# Poll: Assault Weapons Bill



## JoninNH (Jan 29, 2004)

_...A ten-year ban on some forms of semi-automatic firearms commonly referred to as assault weapons expires in the United States Monday..._

Wondering how the rest of you feel about it.


----------



## bdqadvisor (Aug 5, 2004)

If I hit you with a chair, doesn't that make a chair an assault weapon? The whole issue was nothing but political bulls**t from the goonie goo goo tree huggers.

Instead, we should have a 5 day waiting period on Ryder rental trucks. Until 9/11, every major terrorist incident here involved a Ryder truck.


----------



## Patrick258 (Sep 5, 2004)

hmm trucks that go boom boom, I am sick of bs laws.


----------



## JoninNH (Jan 29, 2004)

I'm glad I'm not the only one glad the bill lapsed... lets make sure its not replaced with an even stricter bill.


----------



## BOSCO5O (May 4, 2004)

TED KENNEDY'S CAR HAS KILLED MORE PEOPLE THEN MY BANNED "ASSAULT RIFLE"


----------



## BartA1 (May 5, 2002)

In my humble opinion Gun laws serve no purpose other than to penalize the lawful owner for owning a particular type of weapon that is on the current bad gun list. I would like to see mandatory minimum sentences anytime a gun is used in a crime. I dont know say John Q Scumbag robs a liquor store with a gun and gets caught. John Q Scumbag gets 8 years for the Robbery, and he can get parole in 3 how about because he used a gun he gets an automatic 10 years added on that he has to do every day of.

I will second the motion that Fat Boy Teddy's Car has killed more people than any of my guns


----------



## JoninNH (Jan 29, 2004)

These criminals who intend to commit violent crimes that have the potential to put them away for the rest of thier lives are not going to think twice that the gun they just bought from some kid in the parking lot of a Market Basket in Lawrence is illegal to own, because thier intent is to use it in a crime and if they're caught they are going to jail anyway.
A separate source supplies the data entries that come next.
(* Let $\alpha,\beta>0$, let $g(n)=\sum_{i=0}^k c_in^i$ be a polynomial of degree $k\ge1$ (so $c_k\ne0$), and let $x$ be a sequence (with given $x(1)$) satisfying \[x(n)=\alpha\,x(\lfloor n/2\rfloor)+\beta\,x(\lceil n/2\rceil)+g(n)\qquad(n\ge2).\] Let $d_0\coloneqq(1-\beta)x(1)-g(1)+g(0)$ and $d_1\coloneqq g(1)-(1-\beta)x(1)$. Then, as $n\to\infty$, with suitable $1$-periodic continuous functions $\Phi$ and $\Psi$: (1a) If $\alpha+\beta>2^k$ and $2^k>\max\{\alpha,\beta\}$, then $x(n)=n^{\log_2(\alpha+\beta)}\Phi(\{\log_2n\})+n^k\Psi(\{\log_2n\})+O(n^{\log_2\max\{\alpha,\beta\}})$. (1b) If $\alpha+\beta>2^k$ and $\max\{\alpha,\beta\}\ge2^k$, then $x(n)=n^{\log_2(\alpha+\beta)}\Phi(\{\log_2n\})+O\big(n^{\log_2\max\{\alpha,\beta\}}(\log n)^{[\max\{\alpha,\beta\}=2^k]}\big)$. (2) If $\alpha+\beta=2^k$, then for every $\varepsilon>0$, $x(n)=n^k(\log n)\Phi(\{\log_2n\})+n^k\Psi(\{\log_2n\})+O\big(n^{\log_2\max\{\alpha,\beta\}+[\alpha=\beta]\varepsilon}\big)$. (3) If $2^k>\alpha+\beta>2^{k-1}$, then for every $\varepsilon>0$, $x(n)=n^k\Phi(\{\log_2n\})+n^{\log_2(\alpha+\beta)}\Psi(\{\log_2n\})+O\big(n^{\log_2\max\{\alpha,\beta,2^{k-1}\}+[\max\{\alpha,\beta\}=2^{k-1}]\varepsilon}(\log n)^{[\max\{\alpha,\beta\}<2^{k-1}]}\big)$. (4) If $2^{k-1}\ge\alpha+\beta$, then $x(n)=n^k\Phi(\{\log_2n\})+O(n^{k-1}(\log n)^E)$, where $E\coloneqq1+[\alpha+\beta=2^{k-1}]\big([k\ge2\text{ and }c_{k-1}\ne0]+[k=1\text{ and }d_0+d_1\ne0]\big)$.
   Context: $\{z\}=z-\lfloor z\rfloor$ denotes the fractional part of a real number $z$. Iverson's bracket: $[S]=1$ if the statement $S$ is true and $0$ otherwise. The values $g(0),g(1)$ are the values of the polynomial $g$ (they do not enter the recurrence). *)

From Stdlib Require Import Reals Lra Lia ClassicalEpsilon.
Open Scope R_scope.

Definition iv (P : Prop) : nat :=
  if excluded_middle_informative P then 1%nat else 0%nat.

Definition log2 (t : R) : R := ln t / ln 2.

(* fractional part {z} = z - floor z  (Stdlib: Int_part = floor) *)
Definition frac (z : R) : R := frac_part z.

Definition poly_eval (c : nat -> R) (k : nat) (t : R) : R :=
  sum_f_R0 (fun i => c i * t ^ i) k.

Definition periodic1_cont (F : R -> R) : Prop :=
  continuity F /\ forall t, F (t + 1) = F t.

Definition bigO (f b : nat -> R) : Prop :=
  exists C : R, exists N : nat, forall n : nat, (N <= n)%nat -> Rabs (f n) <= C * b n.

Definition npow (n : nat) (a : R) : R := Rpower (INR n) a.

Definition satisfies_rec (alpha beta : R) (c : nat -> R) (k : nat) (x : nat -> R) : Prop :=
  forall n : nat, (2 <= n)%nat ->
    x n = alpha * x (n / 2)%nat + beta * x ((n + 1) / 2)%nat + poly_eval c k (INR n).

Definition rd0 (beta : R) (c : nat -> R) (k : nat) (x : nat -> R) : R :=
  (1 - beta) * x 1%nat - poly_eval c k 1 + poly_eval c k 0.
Definition rd1 (beta : R) (c : nat -> R) (k : nat) (x : nat -> R) : R :=
  poly_eval c k 1 - (1 - beta) * x 1%nat.
Lemma Dop_Dstar_of_Dop0 h l (F : {ffun pfun n Y -> C}) : (h < n)%N -> (l <= h)%N ->
  supported_at h F -> resample_eigen h (#|Y|%:R * (h - l)%:R) F -> Dop h F = 0 ->
  Dop h.+1 (Dstar h.+1 F) =
  [ffun th => (#|Y|%:R * ((n + l)%:R - h%:R - h%:R) * (h - h + 1)%:R) * F th].
Proof.
move=> h_n l_h suppF eigF DF; rewrite (Dop_DstarE suppF eigF) DF Dstar0.
apply/ffunP => th; rewrite !ffunE subnn add0r !natrB ?(ltnW h_n) // natrD; ring.
Qed.

Lemma Dop_Dstar_Phbk h b (F : {ffun pfun n Y -> C}) : (h < n)%N ->
  Phbk q lam k h b F ->
  Dop h.+1 (Dstar h.+1 F) =
  [ffun th => (#|Y|%:R * ((n + type_len b)%:R - k%:R - h%:R) * (h - k + 1)%:R) * F th].
Proof.
elim: h b F => [|h IH] b F h_n PF; have [kh len_b suppF eigF] := Phbk_resample_eigen PF;
  simpl in PF; move: PF; case: eqP => [hk [_ _ DF]|_ //].
1,2: by rewrite -hk in len_b DF *; apply: Dop_Dstar_of_Dop0.
case=> kh' _ _ [G [PG FG]].
have DF : Dop h.+1 F = [ffun th =>
    (#|Y|%:R * ((n + type_len b)%:R - k%:R - h%:R) * (h - k + 1)%:R) * G th].
  by rewrite FG (IH _ _ (ltnW h_n) PG) type_len_prime.
rewrite (Dop_DstarE suppF eigF) DF DstarZ -FG; apply/ffunP => th; rewrite !ffunE.
have len_h : (type_len b <= h.+1)%N by apply: leq_trans len_b kh.
by rewrite !natrD !natrB ?(ltnW h_n) // -addn1 natrD; ring.
Qed.

End IteratedDstar.

Theorem proposition7p8 (C : numClosedFieldType) (n : nat) (Y : finType)
  (q : Y -> Y -> C) (m : nat) (lam : 'I_m.+1 -> C)
  (k h : nat) (a : 'I_m.+1 -> nat) (F : {ffun pfun n Y -> C}) :
  symmetric_stochastic_irreducible q ->
  eigen_enumeration q lam ->
  (k <= h)%N -> (h < n)%N ->
  type_size a = h.+1 -> (type_len a <= k)%N ->
  Phbk q lam k h (type_prime a) F ->
  Dop h.+1 (Dstar h.+1 F) =
  [ffun th => (#|Y|%:R * ((n + type_len a)%:R - k%:R - h%:R) * (h - k + 1)%:R) * F th].
Proof.
move=> q_ssi lam_enum _ h_n _ _ PF.
by rewrite (Dop_Dstar_Phbk q_ssi lam_enum h_n PF) type_len_prime.
Qed.
(* Let $R$ be a commutative ring with identity and $M$ a non-zero comultiplication $R$-module with $G'(M)$ non-null. Then the domination number satisfies $\gamma(G'(M))\le 2$. In particular, if $|\mathrm{Min}(M)|<\infty$, then $\gamma(G'(M))=2$.
   Context: An $R$-module $M$ is a comultiplication module if for every submodule $N$ of $M$ there is an ideal $I$ of $R$ with $N=\mathrm{Ann}_M(I)$. A submodule $N$ of $M$ is large if $N\cap L\neq 0$ for every non-zero submodule $L$ of $M$. $\mathrm{Min}(M)$ is the set of minimal submodules of $M$. The large sum graph $G'(M)$ has as vertex set the set of all non-zero non-large submodules of $M$, and two distinct vertices $N,K$ are adjacent iff $N+K$ is non-large in $M$. A set $S$ of vertices is dominating if every vertex lies in $S$ or is adjacent to a vertex of $S$; $\gamma(G)$ is the minimum cardinality of a dominating set. *)

From HB Require Import structures.
From Stdlib Require Import List.
From mathcomp Require Import all_boot all_order all_algebra.
Set Implicit Arguments. Unset Strict Implicit. Unset Printing Implicit Defensive.
Import GRing.Theory.
Local Open Scope ring_scope.

Section ModuleDefs.
Variables (R : comPzRingType) (M : lmodType R).

Definition msub := M -> Prop.
Lemma lenAA_descent w : w != 1 -> exists2 s, s \in SAA n & (lenAA (s * w)).+1 = lenAA w.
Proof.
case: w => w1 w2 ne_w1; rewrite /lenAA.
have [eq_w1 | /ninv_descent[i desc]] := eqVneq w1 1; last first.
  by exists (sref i, 1); rewrite ?mem_SAA1 // mulWAA /= mul1g -desc addSn.
have /ninv_descent[i desc] : w2 != 1.
  by apply: contraNneq ne_w1 => eq_w2; rewrite eq_w1 eq_w2.
by exists (1, sref i); rewrite ?mem_SAA2 // mulWAA /= mul1g -desc addnS.
Qed.

Lemma lenAA_longest w : {in SAA n, forall s, (lenAA (s * w)).+1 = lenAA w} ->
  forall u, lenAA u <= lenAA w.
Proof.
case: w => w1 w2 desc [u1 u2]; apply: leq_add; apply: ninv_longest => i.
  by have := desc _ (mem_SAA1 i); rewrite /lenAA mulWAA /= mul1g -addSn => /addIn.
by have := desc _ (mem_SAA2 i); rewrite /lenAA mulWAA /= mul1g -addnS => /addnI.
Qed.

Lemma swap_not_conj (tau : WAA n -> WAA n) :
    {in S1 n, forall s, tau s \in S2 n} -> {in S2 n, forall s, tau s \in S1 n} ->
  forall s w, s \in SAA n -> tau s != s ^ w.
Proof.
move=> tau12 tau21 s [w1 w2]; rewrite inE => /orP[sS1 | sS2].
  have /imsetP[j _ ->] := tau12 _ sS1; case/imsetP: sS1 => i _ ->.
  by apply/eqP => -[_]; rewrite mul1g mulVg; apply/eqP/sref_neq1.
have /imsetP[j _ ->] := tau21 _ sS2; case/imsetP: sS2 => i _ ->.
by apply/eqP => -[+ _]; rewrite mul1g mulVg; apply/eqP/sref_neq1.
Qed.

End ProductOfSymmetricGroups.

Theorem lemma3p7 (n : nat) (hn : 1 <= n)
  (Ch : Type) (delta : Ch -> Ch -> WAA n)
  (hB : is_building (SAA n) delta) (hthick : thick (SAA n) delta)
  (phi : Ch -> Ch) (tau : WAA n -> WAA n)
  (haut : is_automorphism (SAA n) delta phi tau)
  (hswap : {in S1 n, forall s, tau s \in S2 n} /\ {in S2 n, forall s, tau s \in S1 n})
  (hinv : {in SAA n, forall s, tau (tau s) = s}) :
  ~ domestic (SAA n) delta phi.
Proof.
case: hB => inhCh WD1 WD2 WD3; case: haut => _ tauS _ phi_adj; case: hswap => tau12 tau21.
have wlenE := wlenE (@mulSS_AA n) (@lenAA1 n) (@lenAA_SM n) (@lenAA_descent n).
apply: (not_domestic_of_twist (@mulSS_AA n) (@lenAA1 n) (@lenAA_SM n) (@lenAA_descent n)
  WD1 _ WD3 tauS (fun C D s sS => (phi_adj C D s sS).1) hthick
  (swap_not_conj tau12 tau21) (@lenAA_longest n) inhCh).
by move=> C D C' s sS C'C; rewrite -!wlenE; apply: WD2.
Qed.
(* Let $I_{RPC}=(V,E,T_f,c,p)$ be an RPCSTP instance and let $t_p,t_q,t_{\tilde p},t_{\tilde q}\in T_f$ (not necessarily distinct). Writing $R(t_a,t_b)$ for the feasible region of the LP relaxation of $PrizeRCut(I_{RPC},t_a,t_b)$, we have $$\mathrm{proj}_y\big(R(t_p,t_q)\big)=\mathrm{proj}_y\big(R(t_{\tilde p},t_{\tilde q})\big).$$
   Context: A rooted prize-collecting Steiner tree (RPCSTP) instance $(V,E,T_f,c,p)$ consists of a finite undirected connected graph $(V,E)$, $c:E\to\mathbb{Q}_{>0}$, $p:V\to\mathbb{Q}_{\ge0}$ and a nonempty set $T_f\subseteq V$ of fixed terminals (which must be contained in every feasible solution). Let $T_p:=\{v:p(v)>0\}$ and $T_p\setminus T_f=\{t_1,\dots,t_z\}$. Transformation 2 (RPCSTP to SAP), for $t_a,t_b\in T_f$: set $V':=V$, $A':=\{(v,w),(w,v):\{v,w\}\in E\}$ with $c'((v,w)):=c(\{v,w\})$; for each $i=1,\dots,z$ add a new vertex $t_i'$, an arc $(t_i,t_i')$ of cost $0$ and an arc $(t_a,t_i')$ of cost $p(t_i)$. Terminal set $T':=\{t_1',\dots,t_z'\}\cup T_f$, root $t_b$. The LP relaxation of $PrizeRCut(I_{RPC},t_a,t_b)$ has variables $x\in\mathbb{R}^{A'}$, $y\in\mathbb{R}^{E}$ and constraints: $x(\delta^-(U))\ge1$ for all $U\subset V'$ with $t_b\notin U$, $U\cap T'\neq\emptyset$ (where $\delta^-(U)$ is the set of arcs of $A'$ entering $U$ and $x(F)=\sum_{a\in F}x(a)$); $0\le x\le 1$; $y(\{v_i,v_j\})=x((v_i,v_j))+x((v_j,v_i))$ for all $\{v_i,v_j\}\in E$; $0\le y\le1$; objective $\min c'^Tx$. $\mathrm{proj}_y$ denotes projection onto the $y$-variables. *)

From HB Require Import structures.
From mathcomp Require Import all_boot all_order all_algebra.
Set Implicit Arguments. Unset Strict Implicit. Unset Printing Implicit Defensive.
Import Order.TTheory GRing.Theory Num.Theory.
Local Open Scope ring_scope.
Definition rho_Z (s N : nat) (alpha beta mstar r : R) : R :=
  let R0 := rho_box_radius s N r in
  boxint s (- R0) R0 (rho_core s N alpha beta mstar).

Definition rhoN (s N : nat) (alpha beta mstar r : R) (x : nat -> R) : R :=
  let R0 := rho_box_radius s N r in
  (rho_core s N alpha beta mstar x / rho_Z s N alpha beta mstar r)
  * (if excluded_middle_informative (in_box s (- R0) R0 x) then 1 else 0).

(* E_{rho_N}[exp(t^T X)]; rhoN vanishes off the box, so integrating over the
   box is integrating over R^s *)
Definition expect_exp (s N : nat) (alpha beta mstar r : R) (t : nat -> R) : R :=
  let R0 := rho_box_radius s N r in
  boxint s (- R0) R0 (fun x => exp (dot s t x) * rhoN s N alpha beta mstar r x).

Definition lincomb (l : R) (x y : nat -> R) : nat -> R :=
  fun k => l * x k + (1 - l) * y k.

Definition convex_set (s : nat) (K : (nat -> R) -> Prop) : Prop :=
  forall x y l, K x -> K y -> 0 <= l <= 1 -> K (lincomb l x y).

Definition strongly_convex_on (s : nat) (K : (nat -> R) -> Prop)
  (U : (nat -> R) -> R) : Prop :=
  exists c, 0 < c /\
  forall x y l, K x -> K y -> 0 <= l <= 1 ->
    U (lincomb l x y) <= l * U x + (1 - l) * U y
                         - c / 2 * l * (1 - l) * sqnorm s (fun k => x k - y k).

(* A density rho on R^s is strongly log-concave: rho = e^{-U} with U strongly
   convex (U extended-valued, = +oo outside a convex set K). *)
Definition strongly_log_concave (s : nat) (rho : (nat -> R) -> R) : Prop :=
  exists (K : (nat -> R) -> Prop) (U : (nat -> R) -> R),
    convex_set s K /\ strongly_convex_on s K U /\
    (forall x, K x -> rho x = exp (- U x)) /\
    (forall x, ~ K x -> rho x = 0).

From Stdlib Require Import Reals Lra Lia Psatz FunctionalExtensionality Classical ClassicalEpsilon.
From Coquelicot Require Import Coquelicot.
Open Scope R_scope.

(* After the substitution x = mstar + sqrt (s/N) y, J_N(t, r, mstar) is the
   integral of exp (t^T y) against the unnormalised density of rho_N over the box
   [-sqrt (N/s) r, sqrt (N/s) r]^s, so J_N(t)/J_N(0) is the expectation as soon as
   the normaliser is positive; it is, because the integrand is positive and
   Lipschitz, so that its iterated sections are continuous.

   Strong log-concavity is strong convexity of phi_N near mstar. For
   arguments >= u0 >= 0 the convexity defect of ln cosh is at most q times that of
   a^2/2 whenever 1 - tanh u0 ^ 2 <= q, so phi_N is at least as convex as the form
   x^T (A - q A^2) x / 2. The spectrum of A lies in [beta - 2 alpha, beta + 2 alpha],
   where x - q x^2 > 0 once q (beta + 2 alpha) < 1. Such a q is available because
   the slope (beta + 2 alpha) (1 - mstar^2) of the fixed-point map is below 1 at
   its largest fixed point, and for small r every (A x)_k on the box is close to
   (beta + 2 alpha) mstar. *)

(* Coquelicot's [RInt] is 0 on non-integrable functions, which makes scaling
   and affine substitution valid without integrability hypotheses. *)
Lemma RInt_not_ex (f : R -> R) a b : ~ ex_RInt f a b -> RInt f a b = 0.
Proof.
  intros Hf. unfold RInt, iota, lim; simpl. unfold R_complete_lim.
  set (E := fun x : R => _).
  assert (HE : forall x, E x) by (intros x y Hy; exfalso; apply Hf; now exists y).
  destruct (Lub_Rbar_correct E) as [Hub _].
  destruct (Lub_Rbar E) as [l| |]; try reflexivity.
  exfalso. specialize (Hub (l + 1) (HE _)). simpl in Hub. lra.
Qed.

Lemma RInt_scal_total (f : R -> R) a b l :
  RInt (fun x => l * f x) a b = l * RInt f a b.
Proof.
  destruct (Req_dec l 0) as [->|Hl].
  { rewrite Rmult_0_l, (RInt_ext _ (fun _ => 0)) by (intros; apply Rmult_0_l).
    rewrite RInt_const. apply Rmult_0_r. }
  destruct (classic (ex_RInt f a b)) as [Hf|Hf].
  - exact (RInt_scal f a b l Hf).
  - rewrite (RInt_not_ex f a b Hf), Rmult_0_r. apply RInt_not_ex.
    intros Hlf. apply Hf, (ex_RInt_ext (fun x => / l * (l * f x))).
    + intros x _. now rewrite <- Rmult_assoc, Rinv_l, Rmult_1_l.
    + exact (ex_RInt_scal _ _ _ (/ l) Hlf).
Qed.

Lemma RInt_comp_lin_total (f : R -> R) u v a b : u <> 0 ->
  RInt (fun y => u * f (u * y + v)) a b = RInt f (u * a + v) (u * b + v).
Proof.
  intros Hu. destruct (classic (ex_RInt f (u * a + v) (u * b + v))) as [Hf|Hf].
  - exact (RInt_comp_lin f u v a b Hf).
  - rewrite (RInt_not_ex f _ _ Hf). apply RInt_not_ex.
    intros Hfu. apply Hf, (ex_RInt_ext (fun x => / u * (u * f (u * (/ u * x + - v / u) + v)))).
    { intros x _. replace (u * (/ u * x + - v / u) + v) with x by now field.
      now rewrite <- Rmult_assoc, Rinv_l, Rmult_1_l. }
    apply (ex_RInt_comp_lin (fun y => u * f (u * y + v)) (/ u) (- v / u)).
    replace (/ u * (u * a + v) + - v / u) with a by now field.
    replace (/ u * (u * b + v) + - v / u) with b by now field.
    exact Hfu.
Qed.

Lemma rsum_ext n f g : (forall k, (k < n)%nat -> f k = g k) -> rsum n f = rsum n g.
Proof.
  induction n as [|n IH]; intros H; simpl; [reflexivity|].
  rewrite IH, H; [reflexivity|lia|intros; apply H; lia].
Qed.

Lemma rsum_plus n f g : rsum n (fun k => f k + g k) = rsum n f + rsum n g.
Proof. induction n as [|n IH]; simpl; [ring|]. rewrite IH. ring. Qed.

Lemma rsum_minus n f g : rsum n (fun k => f k - g k) = rsum n f - rsum n g.
Proof. induction n as [|n IH]; simpl; [ring|]. rewrite IH. ring. Qed.

Lemma rsum_scal n c f : rsum n (fun k => c * f k) = c * rsum n f.
Proof. induction n as [|n IH]; simpl; [ring|]. rewrite IH. ring. Qed.

Lemma rsum_const n c : rsum n (fun _ => c) = INR n * c.
Proof. induction n as [|n IH]; simpl rsum; [simpl; ring|]. rewrite IH, S_INR. ring. Qed.

Lemma rsum_le n f g : (forall k, (k < n)%nat -> f k <= g k) -> rsum n f <= rsum n g.
Proof.
  induction n as [|n IH]; intros H; simpl; [lra|].
  apply Rplus_le_compat; [apply IH; intros; apply H|apply H]; lia.
Qed.

Lemma rsum_nonneg n f : (forall k, (k < n)%nat -> 0 <= f k) -> 0 <= rsum n f.
Proof. intros H. rewrite <- (Rmult_0_r (INR n)), <- rsum_const. now apply rsum_le. Qed.

Lemma rsum_abs n f : Rabs (rsum n f) <= rsum n (fun k => Rabs (f k)).
Proof.
  induction n as [|n IH]; simpl; [rewrite Rabs_R0; lra|].
  eapply Rle_trans; [apply Rabs_triang|lra].
Qed.

Lemma rsum_ge_term n f j : (forall k, (k < n)%nat -> 0 <= f k) -> (j < n)%nat ->
  f j <= rsum n f.
Proof.
  induction n as [|n IH]; intros H Hj; [lia|simpl].
  destruct (Nat.eq_dec j n) as [->|Hne].
  - assert (0 <= rsum n f) by (apply rsum_nonneg; intros; apply H; lia). lra.
  - assert (f j <= rsum n f) by (apply IH; [intros; apply H|]; lia).
    assert (0 <= f n) by (apply H; lia). lra.
Qed.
_"Gee, maybe I should go out and shoot my wife/neighbor/gas station attendant with a legally owned, registered and permitted .22, because this <insert banned weapon here> is illegal." _ I don't think so.

While I am generally against mandatory sentencing, I'd roll around in my head, the idea of a mandatory sentence for a violent gun crime. Not any gun crime or a mandatory sentence for possession of a weapon/ammo... I am definately NOT in favor of that. There was a guy, I cant recall where he lived, who owned a pistol and didn't register it properly... he shot and killed someone in his apartment who was trying to rape his wife. While the shooting was rulled justified, he didn't posess the weapon legally so he was off to jail for a mandatory one year sentence. Thats why I am not for mandatory sentences... it removes the discression of the trial judge to make allowances in cases like that.


----------



## Killjoy (Jun 23, 2003)

Well said JohnNH....Oddly enough most anti-gun liberals would be the first in line to defend some criminal who uses a gun in a crime; screaming against "mandatory sentencing" and how what a deprived/abused child he/she was, yet they would love to ban all firearms for law-abiding citizens. Funny that they blame the tools, not the carpenter.....


----------



## mpd61 (Aug 7, 2002)

Most of us know that the "Assault Weapons Ban" , or Crime Bill Act of 1994, or "Clinton's Folly" was a TOTAL Joke!!!!!!!!!!!!!!!!!!!!!!!!!!!!!!!!!!!!!!!!!!!!!
:shock: 

Wait until the statistics come in for the last ten years. How much safer where the victims in the D.C. Shootings? Did it matter whether or not the Bushmaster XM-15 used was pre or post ban configuration? NO NO NO!!! The bayonet lug and/or flash suppressor had no relevance in those MURDERS.

I t makes me sick that the media wants Americans to believe that AR-15' s and AK-47's are suddenly for sale because they are no longer "banned" They NEVER were banned!Only certain configurations such as collapsable stocks and bayonet lugs (more aesthetic than practical) What a bunch of sheep eating the liberal-slop at the T.V./print/radio troughs!!!!!!!
:BM: :FM: :uc:


----------



## dcs2244 (Jan 29, 2004)

Since a true 'assault weapon' is capable of fully automatic operation, assault weapons have been banned since about 1938.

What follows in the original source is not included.